Please give back word for word the lines of the material below between the line containing "[Y n + G (Y n)]" and the line containing "<= c * ((Y (S n) + G", inclusive.

::: GIVEN ENTRIES :::

(* Let $S>0$, $\zeta\in\{0,1\}$, $\phi\in\mathbb{R}$ and let $(u_n)_{n\in\mathbb{N}}$ be the $\phi$-market impact scenario defined below. (a) If $\phi\ge 1$, then $(u_n)$ is not admissible from a trading perspective. (b) If $\phi\in(-1,1)$, then $(u_n)$ is admissible from a trading perspective. (c) If $\phi\le -1$ and for every $x\in\mathbb{R}$ the sequence $(s_n(x))_{n\in\mathbb{N}}$ is bounded, then $(u_n)$ is admissible from a trading perspective. In particular, under the standing assumption that $(s_n(x))_{n}$ is bounded for every $x$ whenever $\phi\le -1$, the scenario is admissible if and only if $\phi\in(-\infty,1)$.
   Context: Fix $S>0$, $\zeta\in\{0,1\}$ and $\phi\in\mathbb{R}$. For $a,b\in\mathbb{R}$ write $a\vee b=\max(a,b)$. The $\phi$-market impact scenario starting from $x\in\mathbb{R}$ is the sequence of real-valued functions $(u_n)_{n\in\mathbb{N}}$ defined by $u_0(x)=x\vee(-S)$ and, for all $n\in\mathbb{N}$, $u_{n+1}(x)=\Big(\phi\big(1+\tfrac{s_n(x)}{S}\big)^{1+\zeta}u_n(x)\Big)\vee\big(-s_n(x)-S\big)$, where $s_n(x)=\sum_{k=0}^n u_k(x)$. The scenario is called admissible from a trading perspective if there exists $R>0$ such that for every $x\in(-R,R)$ the series $\sum_{n\ge0}u_n(x)$ converges. *)

From Stdlib Require Import Reals.
Open Scope R_scope.

(* mis_pair S zeta phi x n = (u_n(x), s_n(x)) with s_n = sum_{k<=n} u_k *)
Fixpoint mis_pair (S : R) (zeta : nat) (phi : R) (x : R) (n : nat) : R * R :=
  match n with
  | O => let u0 := Rmax x (- S) in (u0, u0)
  | Datatypes.S m =>
      let (um, sm) := mis_pair S zeta phi x m in
      let un := Rmax (phi * (1 + sm / S) ^ (1 + zeta) * um) (- sm - S) in
      (un, sm + un)
  end.

Definition mis_u (S : R) (zeta : nat) (phi : R) (n : nat) (x : R) : R :=
  fst (mis_pair S zeta phi x n).

Definition mis_s (S : R) (zeta : nat) (phi : R) (n : nat) (x : R) : R :=
  sum_f_R0 (fun k => mis_u S zeta phi k x) n.

Definition admissible (u : nat -> R -> R) : Prop :=
  exists R0 : R, R0 > 0 /\
    forall x : R, - R0 < x < R0 -> exists l : R, infinite_sum (fun n => u n x) l.

Definition partial_sums_bounded (S : R) (zeta : nat) (phi : R) : Prop :=
  forall x : R, exists M : R, forall n : nat, Rabs (mis_s S zeta phi n x) <= M.

(* Write y_n = 1 + s_n / S, so that u_(n+1) = max (phi y_n^(1+zeta) u_n, - S y_n):
   the truncation only acts by sending s to -S, after which the scenario stops.
   (a) For phi >= 1 and x > 0 every u_n stays above x, so the series diverges.
   (b) For |phi| < 1 and |x| small the partial sums stay near 0, where the impact
   factor y_n^(1+zeta) is near 1; so |u_(n+1)| <= q |u_n| for some q < 1.
   (c) For phi <= -1, away from the stopped state,
   y_(n+2) - y_(n+1) = phi y_(n+1)^k (y_(n+1) - y_n) with k = 1 + zeta, and by
   convexity the energy y_(n+1) - phi y_n^(k+1) / (k+1) loses at least
   |y_(n+1) - y_n|^(k+1) / (k+1) per step, which forces convergence.  This holds
   for every x. *)

From Stdlib Require Import Reals Lra Lia Psatz Classical.
Open Scope R_scope.

Lemma not_infinite_sum_of_terms_ge (a : nat -> R) (c l : R) :
  0 < c -> (forall n, c <= a n) -> ~ infinite_sum a l.
Proof.
  intros Hc Ha Hsum.
  destruct (Hsum (c / 2)) as [N HN]; [lra|].
  assert (HN0 := HN N (le_n N)).
  assert (HN1 := HN (S N) (Nat.le_succ_diag_r N)).
  unfold Rdist in HN0, HN1; simpl in HN1.
  apply Rabs_def2 in HN0; apply Rabs_def2 in HN1.
  specialize (Ha (S N)); lra.
Qed.

Lemma Un_cv_shift1 (u : nat -> R) (l : R) : Un_cv u l -> Un_cv (fun n => u (S n)) l.
Proof.
  intros Hu eps Heps; destruct (Hu eps Heps) as [N HN].
  exists N; intros n Hn; apply HN; lia.
Qed.

Lemma sum_pow_le_inv (q : R) (n : nat) :
  0 <= q < 1 -> sum_f_R0 (fun k => q ^ k) n <= / (1 - q).
Proof.
  intros Hq; rewrite tech3 by lra.
  assert (0 <= q ^ S n) by (apply pow_le; lra).
  unfold Rdiv; rewrite <- (Rmult_1_l (/ (1 - q))) at 2.
  apply Rmult_le_compat_r; [left; apply Rinv_0_lt_compat|]; lra.
Qed.

Lemma Un_cv_const (c : R) : Un_cv (fun _ => c) c.
Proof. intros eps Heps; exists 0%nat; intros; rewrite Rdist_eq; lra. Qed.

Lemma geometric_series_cv (C q : R) :
  0 <= q < 1 -> Un_cv (fun N => sum_f_R0 (fun n => C * q ^ n) N) (C * / (1 - q)).
Proof.
  intros Hq.
  apply Un_cv_ext with (fun N => C * sum_f_R0 (fun n => 1 * q ^ n) N).
  - intro N; rewrite scal_sum; apply sum_eq; intros; ring.
  - apply CV_mult.
    + apply Un_cv_const.
    + apply GP_infinite; rewrite Rabs_pos_eq; lra.
Qed.

Lemma infinite_sum_of_geometric_bound (a : nat -> R) (C q : R) :
  0 <= q < 1 -> (forall n, Rabs (a n) <= C * q ^ n) -> exists l, infinite_sum a l.
Proof.
  intros Hq Ha.
  assert (Habs : { l | Un_cv (fun N => sum_f_R0 (fun n => Rabs (a n)) N) l }).
  { apply Rseries_CV_comp with (fun n => C * q ^ n).
    - intro n; split; [apply Rabs_pos | apply Ha].
    - exists (C * / (1 - q)); apply geometric_series_cv, Hq. }
  destruct (cv_cauchy_2 a (cauchy_abs a (cv_cauchy_1 _ Habs))) as [l Hl].
  exists l; exact Hl.
Qed.

Lemma Un_cv_0_of_pow_le (t b : nat -> R) (m : nat) (c : R) :
  0 < c -> (forall n, Rabs (t n) ^ S m <= c * b n) -> Un_cv b 0 -> Un_cv t 0.
Proof.
  intros Hc Htb Hb eps Heps.
  assert (Hepsm : 0 < eps ^ S m) by (apply pow_lt; lra).
  destruct (Hb (eps ^ S m / c)) as [N HN]; [apply Rdiv_lt_0_compat; lra|].
  exists N; intros n Hn; specialize (HN n Hn); specialize (Htb n).
  unfold Rdist in *; rewrite Rminus_0_r in *.
  apply Rabs_def2 in HN; destruct HN as [HN _].
  apply (Rmult_lt_compat_l c) in HN; [|lra].
  replace (c * (eps ^ S m / c)) with (eps ^ S m) in HN by (field; lra).
  destruct (Rlt_le_dec (Rabs (t n)) eps) as [Hlt|Hge]; [exact Hlt|].
  assert (eps ^ S m <= Rabs (t n) ^ S m) by (apply pow_incr; lra).
  lra.
Qed.

Lemma Rabs_sub_le_add_nondecreasing (G : R -> R) (p q : R) :
  (forall p q, 0 <= p <= q -> 0 <= G p <= G q) -> 0 <= p -> 0 <= q ->
  Rabs (p - q) <= Rabs ((p + G p) - (q + G q)).
Proof.
  intros HG Hp Hq.
  destruct (Rle_lt_dec p q) as [Hpq|Hpq].
  - destruct (HG p q (conj Hp Hpq)).
    rewrite !Rabs_left1 by lra; lra.
  - destruct (HG q p (conj Hq (Rlt_le _ _ Hpq))).
    rewrite !Rabs_right by lra; lra.
Qed.

Lemma Rabs_Rmax_le_of_nonpos (a b : R) : b <= 0 -> Rabs (Rmax a b) <= Rabs a.
Proof.
  intros Hb; unfold Rmax; destruct (Rle_dec a b); [rewrite !Rabs_left1 by lra; lra | lra].
Qed.

(* The energy [E n = Y (n+1) + G (Y n)] decreases and is bounded below, so it
   converges; the dissipation bound forces the increments to vanish, hence
   [Y n + G (Y n)] converges too, and [y + G y] is expanding on [0, +oo). *)
Lemma cv_of_energy_dissipation (Y : nat -> R) (G : R -> R) (m : nat) (c : R) :
  0 < c -> (forall n, 0 <= Y n) ->
  (forall p q, 0 <= p <= q -> 0 <= G p <= G q) ->
  (forall n, Rabs (Y (S n) - Y n) ^ S m
             <= c * ((Y (S n) + G (Y n)) - (Y (S (S n)) + G (Y (S n))))) ->
  exists l, Un_cv Y l.
Proof.
  intros Hc HY HG Hdiss.
  set (E := fun n => Y (S n) + G (Y n)).
  assert (HEdec : Un_decreasing E).
  { intro n; specialize (Hdiss n).
    assert (0 <= Rabs (Y (S n) - Y n) ^ S m) by (apply pow_le, Rabs_pos).
    unfold E; nra. }
  assert (HElb : has_lb E).
  { exists 0; intros y [i ->]; unfold opp_seq, E.
    generalize (HY (S i)) (proj1 (HG _ _ (conj (HY i) (Rle_refl _)))); lra. }
  destruct (decreasing_cv E HEdec HElb) as [L HL].
  assert (Hincr : Un_cv (fun n => Y (S n) - Y n) 0).
  { apply Un_cv_0_of_pow_le with (b := fun n => E n - E (S n)) (m := m) (c := c);
      [exact Hc | exact Hdiss |].
    rewrite <- (Rminus_diag L); apply CV_minus; [exact HL | apply Un_cv_shift1, HL]. }
  assert (HF : Un_cv (fun n => Y n + G (Y n)) L).
  { rewrite <- (Rminus_0_r L).
    apply Un_cv_ext with (fun n => E n - (Y (S n) - Y n)).
    - intro n; unfold E; ring.
    - apply CV_minus; assumption. }
  assert (HFc := CV_Cauchy _ (exist _ L HF)).
  destruct (R_complete Y) as [l Hl]; [|exists l; exact Hl].
  intros eps Heps; destruct (HFc eps Heps) as [N HN].
  exists N; intros n p Hn Hp; unfold Rdist.
  eapply Rle_lt_trans; [apply (Rabs_sub_le_add_nondecreasing G); auto | apply HN; auto].
Qed.

Lemma cv_of_negative_feedback (zeta : nat) (phi : R) (Y : nat -> R) :
  (zeta = 0 \/ zeta = 1)%nat -> phi <= -1 -> (forall n, 0 <= Y n) ->
  (forall n, Y (S (S n)) = Y (S n) + phi * Y (S n) ^ (1 + zeta) * (Y (S n) - Y n)) ->
  exists l, Un_cv Y l.
Proof.
  intros Hz Hphi HY HYrec.
  assert (Hc : 0 < 2 + INR zeta) by (generalize (pos_INR zeta); lra).
  set (G := fun y => - phi * y ^ (2 + zeta) / (2 + INR zeta)).
  assert (HG : forall p q, 0 <= p <= q -> 0 <= G p <= G q).
  { intros p q Hpq; unfold G, Rdiv.
    assert (0 <= p ^ (2 + zeta)) by (apply pow_le; lra).
    assert (p ^ (2 + zeta) <= q ^ (2 + zeta)) by (apply pow_incr; lra).
    assert (0 < / (2 + INR zeta)) by (apply Rinv_0_lt_compat; lra).
    split.
    - apply Rmult_le_pos; [apply Rmult_le_pos|]; lra.
    - apply Rmult_le_compat_r; [|apply Rmult_le_compat_l]; lra. }
  assert (Hdiss : forall p q, 0 <= p -> 0 <= q ->
    Rabs (p - q) ^ (2 + zeta)
    <= (2 + INR zeta) * ((p + G q) - (p + phi * p ^ (1 + zeta) * (p - q) + G p))).
  { intros p q Hp Hq; unfold G.
    assert (Hpq : Rabs (p - q) <= 2 * p + q) by (apply Rabs_le; lra).
    assert (0 <= Rabs (p - q)) by apply Rabs_pos.
    destruct Hz as [-> | ->]; simpl (2 + _)%nat; simpl (1 + _)%nat; simpl INR.
    - replace ((2 + 0) * ((p + - phi * q ^ 2 / (2 + 0))
                 - (p + phi * p ^ 1 * (p - q) + - phi * p ^ 2 / (2 + 0))))
        with (- phi * Rabs (p - q) ^ 2) by (rewrite pow2_abs; field).
      assert (0 <= Rabs (p - q) ^ 2) by apply pow2_ge_0; nra.
    - replace ((2 + 1) * ((p + - phi * q ^ 3 / (2 + 1))
                 - (p + phi * p ^ 2 * (p - q) + - phi * p ^ 3 / (2 + 1))))
        with (- phi * (Rabs (p - q) ^ 2 * (2 * p + q))) by (rewrite pow2_abs; field).
      assert (Rabs (p - q) ^ 3 <= Rabs (p - q) ^ 2 * (2 * p + q)) by (simpl; nra).
      assert (0 <= Rabs (p - q) ^ 2 * (2 * p + q)) by (apply Rmult_le_pos; [apply pow2_ge_0|lra]).
      nra. }
  apply (cv_of_energy_dissipation Y G (S zeta) (2 + INR zeta) Hc HY HG).
  intro n; rewrite HYrec; apply Hdiss; apply HY.
Qed.

Section MarketImpactScenario.

Variables (T : R) (zeta : nat) (phi : R).
Hypothesis HT : 0 < T.

Local Notation u := (mis_u T zeta phi).
Local Notation s := (mis_s T zeta phi).

Lemma mis_pair_snd (x : R) (n : nat) : snd (mis_pair T zeta phi x n) = s n x.
Proof.
  induction n as [|n IH]; [reflexivity|].
  unfold mis_s, mis_u in *; simpl.
  rewrite <- IH; destruct (mis_pair T zeta phi x n); reflexivity.
Qed.

Lemma mis_u_0 (x : R) : u 0 x = Rmax x (- T).
Proof. reflexivity. Qed.

Lemma mis_s_0 (x : R) : s 0 x = Rmax x (- T).
Proof. reflexivity. Qed.

Lemma mis_u_S (x : R) (n : nat) :
  u (S n) x = Rmax (phi * (1 + s n x / T) ^ (1 + zeta) * u n x) (- s n x - T).
Proof.
  rewrite <- mis_pair_snd; unfold mis_u; simpl.
  destruct (mis_pair T zeta phi x n); reflexivity.
Qed.

Lemma mis_s_S (x : R) (n : nat) : s (S n) x = s n x + u (S n) x.
Proof. reflexivity. Qed.

Lemma mis_s_ge (x : R) (n : nat) : - T <= s n x.
Proof.
  destruct n as [|n].
  - rewrite mis_s_0; apply Rmax_r.
  - rewrite mis_s_S, mis_u_S.
    generalize (Rmax_r (phi * (1 + s n x / T) ^ (1 + zeta) * u n x) (- s n x - T)); lra.
Qed.

Lemma mis_u_S_cases (x : R) (n : nat) :
  u (S n) x = phi * (1 + s n x / T) ^ (1 + zeta) * u n x \/ s (S n) x = - T.
Proof.
  rewrite mis_s_S, mis_u_S; unfold Rmax.
  destruct (Rle_dec _ _); [right; ring | left; reflexivity].
Qed.

Lemma mis_s_stuck (x : R) (N : nat) : s N x = - T -> forall j, s (j + N) x = - T.
Proof.
  intros HN j; induction j as [|j IH]; [exact HN|].
  simpl; rewrite mis_s_S, mis_u_S, IH.
  replace (1 + - T / T) with 0 by (field; lra).
  rewrite pow_i by lia; rewrite Rmult_0_r, Rmult_0_l.
  replace (- - T - T) with 0 by ring; rewrite Rmax_left; lra.
Qed.

Lemma mis_u_ge_of_phi_ge_1 (x : R) :
  1 <= phi -> 0 < x -> forall n, x <= u n x /\ 0 <= s n x.
Proof.
  intros Hphi Hx n; induction n as [|n [Hu Hs]].
  - rewrite mis_u_0, mis_s_0, Rmax_left by lra; lra.
  - assert (Hy : 1 <= (1 + s n x / T) ^ (1 + zeta)).
    { apply pow_R1_Rle.
      assert (0 <= s n x / T) by (unfold Rdiv; apply Rmult_le_pos; [|left; apply Rinv_0_lt_compat]; lra).
      lra. }
    assert (Hu' : x <= u (S n) x).
    { rewrite mis_u_S; eapply Rle_trans; [|apply Rmax_l].
      set (y := (1 + s n x / T) ^ (1 + zeta)) in *.
      assert (1 <= phi * y) by nra; nra. }
    rewrite mis_s_S; split; lra.
Qed.

Lemma mis_not_admissible : 1 <= phi -> ~ admissible u.
Proof.
  intros Hphi [R0 [HR0 Hadm]].
  destruct (Hadm (R0 / 2)) as [l Hl]; [lra|].
  apply (not_infinite_sum_of_terms_ge (fun n => u n (R0 / 2)) (R0 / 2) l); [lra | | exact Hl].
  intro n; apply mis_u_ge_of_phi_ge_1; lra.
Qed.

Lemma mis_u_S_contract (x r : R) (n : nat) :
  0 <= r <= 1 -> Rabs (s n x) <= r * T ->
  Rabs (u (S n) x) <= Rabs phi * (1 + r) ^ (1 + zeta) * Rabs (u n x).
Proof.
  intros Hr Hs.
  set (y := 1 + s n x / T).
  assert (HyT : y * T = T + s n x) by (unfold y; field; lra).
  generalize (Rle_abs (s n x)) (Rle_abs (- s n x)); rewrite Rabs_Ropp; intros.
  assert (Hy : 0 <= y <= 1 + r) by (split; nra).
  rewrite mis_u_S; fold y.
  eapply Rle_trans; [apply Rabs_Rmax_le_of_nonpos; nra|].
  rewrite !Rabs_mult, (Rabs_pos_eq (y ^ _)) by (apply pow_le; lra).
  apply Rmult_le_compat_r; [apply Rabs_pos|].
  apply Rmult_le_compat_l; [apply Rabs_pos|].
  apply pow_incr; lra.
Qed.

:::

OUTPUT FOR THIS TASK =
   [Y n + G (Y n)] converges too, and [y + G y] is expanding on [0, +oo). *)
Lemma cv_of_energy_dissipation (Y : nat -> R) (G : R -> R) (m : nat) (c : R) :
  0 < c -> (forall n, 0 <= Y n) ->
  (forall p q, 0 <= p <= q -> 0 <= G p <= G q) ->
  (forall n, Rabs (Y (S n) - Y n) ^ S m
             <= c * ((Y (S n) + G (Y n)) - (Y (S (S n)) + G (Y (S n))))) ->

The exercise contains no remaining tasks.